While Berlin's startup scene often gravitates toward consumer apps and climate-tech darlings, one company working from a converted warehouse in Kreuzberg's RAW-Gelände is solving a problem that keeps CISOs awake at night: invisible vulnerabilities in corporate software supply chains.
Meridian AI, founded in early 2023 by former SAP and Bosch engineers, has just closed an €18 million Series A round led by Pale Blue Dot and Cavalry Ventures, with participation from existing backers Lakestar and HV Holtzbrinck Ventures. The capital comes at a moment when enterprises are increasingly exposed to third-party code risks—a vulnerability class that became painfully visible after the 2023 MOVEit and SolarWinds incidents.

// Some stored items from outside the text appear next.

(* Let $M$ be a graded quasi-primaryful $R$-module. Then the set of all irreducible components of $qp.Spec_g(M)$ (quasi-Zariski topology) is $$\Phi=\{qp\text{-}V_M^g(Gr(q)M)\mid q\in qp\text{-}V_R^g(\mathrm{Ann}(M))\text{ and }Gr(q)\text{ is a minimal element of }V_R^g(\mathrm{Ann}(M))\text{ with respect to inclusion}\}.$$
   Context: $R=\bigoplus_{g\in G}R_g$ is a graded commutative ring with identity graded by a group $G$, $h(R)=\bigcup_g R_g$; $M$ is a graded $R$-module, $h(M)$ its homogeneous elements. $Gr(I)$ is the graded radical of a graded ideal $I$. $(K:_RM)=\{r: rM\subseteq K\}$. Graded prime submodule: proper graded $P$ with $rm\in P$ ($r\in h(R), m\in h(M)$) implying $m\in P$ or $r\in(P:_RM)$. $Gr_M(K)$: intersection of graded prime submodules containing $K$ ($M$ if none). Graded primeful property of $K$: for each graded prime $p\supseteq(K:_RM)$ there is a graded prime submodule $P\supseteq K$ with $(P:_RM)=p$. Graded quasi-primary submodule: proper graded $Q$ with $rm\in Q$ ($r\in h(R),m\in h(M)$) implying $r\in Gr((Q:_RM))$ or $m\in Gr_M(Q)$. $qp.Spec_g(M)$: graded quasi-primary submodules with the graded primeful property. $qp\text{-}V_M^g(K)=\{Q\in qp.Spec_g(M): Gr((Q:_RM))\supseteq Gr((K:_RM))\}$; the quasi-Zariski topology has closed sets exactly these. A graded quasi-primary ideal of $R$ is a proper graded ideal $q$ with $ab\in q$ ($a,b\in h(R)$) implying $a\in Gr(q)$ or $b\in Gr(q)$. For a graded ideal $I$: $qp\text{-}V_R^g(I)$ is the set of graded quasi-primary ideals of $R$ containing $I$, and $V_R^g(I)$ the set of graded prime ideals of $R$ containing $I$. $M$ is graded quasi-primaryful if $M=0$, or $M\ne 0$ and for every $q\in qp\text{-}V_R^g(\mathrm{Ann}(M))$ there is $Q\in qp.Spec_g(M)$ with $Gr((Q:_RM))=Gr(q)$. An irreducible component is a maximal irreducible subset (a subset $A$ is irreducible if $A\subseteq A_1\cup A_2$, $A_i$ closed, implies $A\subseteq A_1$ or $A\subseteq A_2$). *)

From mathcomp Require Import all_boot all_algebra.
From Stdlib Require Import List.
Set Implicit Arguments. Unset Strict Implicit. Unset Printing Implicit Defensive.
Import GRing.Theory.
Local Open Scope ring_scope.

Record group_law (G : Type) := GroupLaw {
  gmul : G -> G -> G; gone : G; ginv : G -> G;
  gmulA : forall x y z, gmul x (gmul y z) = gmul (gmul x y) z;
  gmul1 : forall x, gmul gone x = x;
  gmulV : forall x, gmul (ginv x) x = gone }.

(* r = sum_{g in s} f g is a decomposition into homogeneous components of
   pairwise distinct degrees (for the family of subgroups A g). *)
Definition hdecomp (G : Type) (T : zmodType) (A : G -> T -> Prop)
  (s : list G) (f : G -> T) (x : T) : Prop :=
  NoDup s /\ (forall g, A g (f g)) /\ x = \sum_(g <- s) f g.

(* A family of additive subgroups whose (internal) sum is direct and is everything. *)
Definition direct_decomposition (G : Type) (T : zmodType) (A : G -> T -> Prop) :=
  (forall g, A g 0 /\ forall x y, A g x -> A g y -> A g (x - y)) /\
  (forall x, exists s f, hdecomp A s f x) /\
  (forall s f, hdecomp A s f 0 -> forall g, In g s -> f g = 0).

Record graded_ring (G : Type) (GL : group_law G) (R : comPzRingType) := GradedRing {
  rcomp : G -> R -> Prop;
  rcomp_direct : direct_decomposition rcomp;
  rcomp_mul : forall g h x y, rcomp g x -> rcomp h y -> rcomp (gmul GL g h) (x * y) }.

Record graded_module (G : Type) (GL : group_law G) (R : comPzRingType)
    (GR : graded_ring GL R) (M : lmodType R) := GradedModule {
  mcomp : G -> M -> Prop;
  mcomp_direct : direct_decomposition mcomp;
  mcomp_scale : forall g h r m, rcomp GR g r -> mcomp h m -> mcomp (gmul GL g h) (r *: m) }.

Section Defs.
Variables (G : Type) (GL : group_law G) (R : comPzRingType) (GR : graded_ring GL R).
Variables (M : lmodType R) (GM : graded_module GR M).

Definition subset (T : Type) (A B : T -> Prop) := forall x, A x -> B x.

Definition hR (r : R) := exists g, rcomp GR g r.
Definition hM (m : M) := exists g, mcomp GM g m.

Definition graded_set (T : zmodType) (A : G -> T -> Prop) (N : T -> Prop) :=
  forall s f x, hdecomp A s f x -> N x -> forall g, In g s -> N (f g).

Definition is_ideal (I : R -> Prop) :=
  I 0 /\ (forall x y, I x -> I y -> I (x + y)) /\ (forall r x, I x -> I (r * x)).
Definition graded_ideal (I : R -> Prop) := is_ideal I /\ graded_set (rcomp GR) I.

Definition is_submodule (N : M -> Prop) :=
  N 0 /\ (forall x y, N x -> N y -> N (x + y)) /\ (forall r x, N x -> N (r *: x)).
Definition graded_submodule (N : M -> Prop) :=
  is_submodule N /\ graded_set (mcomp GM) N.

Definition Gr (I : R -> Prop) : R -> Prop := fun r =>
  forall s f, hdecomp (rcomp GR) s f r ->
    forall g, In g s -> exists n, (0 < n)%N /\ I (f g ^+ n).

Definition colon (K : M -> Prop) : R -> Prop := fun r => forall m, K (r *: m).
Definition Ann : R -> Prop := colon (fun m => m = 0).

Definition graded_prime_ideal (p : R -> Prop) :=
  graded_ideal p /\ ~ p 1 /\
  forall a b, hR a -> hR b -> p (a * b) -> p a \/ p b.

The company's proprietary machine-learning platform scans enterprise codebases and identifies exploitable weaknesses before they're weaponized, using techniques rooted in Berlin's deep tradition of security research. Unlike traditional penetration testing firms dotting the Mitte corridor, Meridian operates continuously, functioning as an invisible watchtower rather than a scheduled auditor.
"The German market values thoroughness and reliability," said David Klee, the firm's COO. "That's deeply embedded in how we approach this problem." The team has grown to 45 people across offices in Berlin and Bucharest, with plans to open a satellite office in Amsterdam by year-end.
The funding round validates what Berlin's venture community has increasingly recognized: deep-tech infrastructure plays, especially those addressing European regulatory demands around digital sovereignty, command premium valuations. Meridian's approach aligns neatly with Germany's push toward cyber-resilience, particularly following the 2024 BSI cybersecurity strategy updates.
Early enterprise customers include three DAX-listed companies and a major German automotive supplier—validation that the startup has moved beyond proof-of-concept territory. The firm's tech stack leverages graph neural networks and symbolic reasoning, research areas where Berlin's Fraunhofer Institutes and Technical University have considerable influence.
The Series A positions Meridian for Series B fundraising within 18 months, likely seeking €40–50 million to accelerate product engineering and international sales. Such a trajectory would place it alongside Berlin's most successful recent infrastructure exits, like SoundCloud's stabilization or the quiet success of various B2B SaaS firms operating beneath the media spotlight.
For investors watching Berlin's venture landscape, Meridian represents the substrate shift happening under the hype: away from consumer-facing novelty toward infrastructure that governments and multinationals actually need to deploy at scale.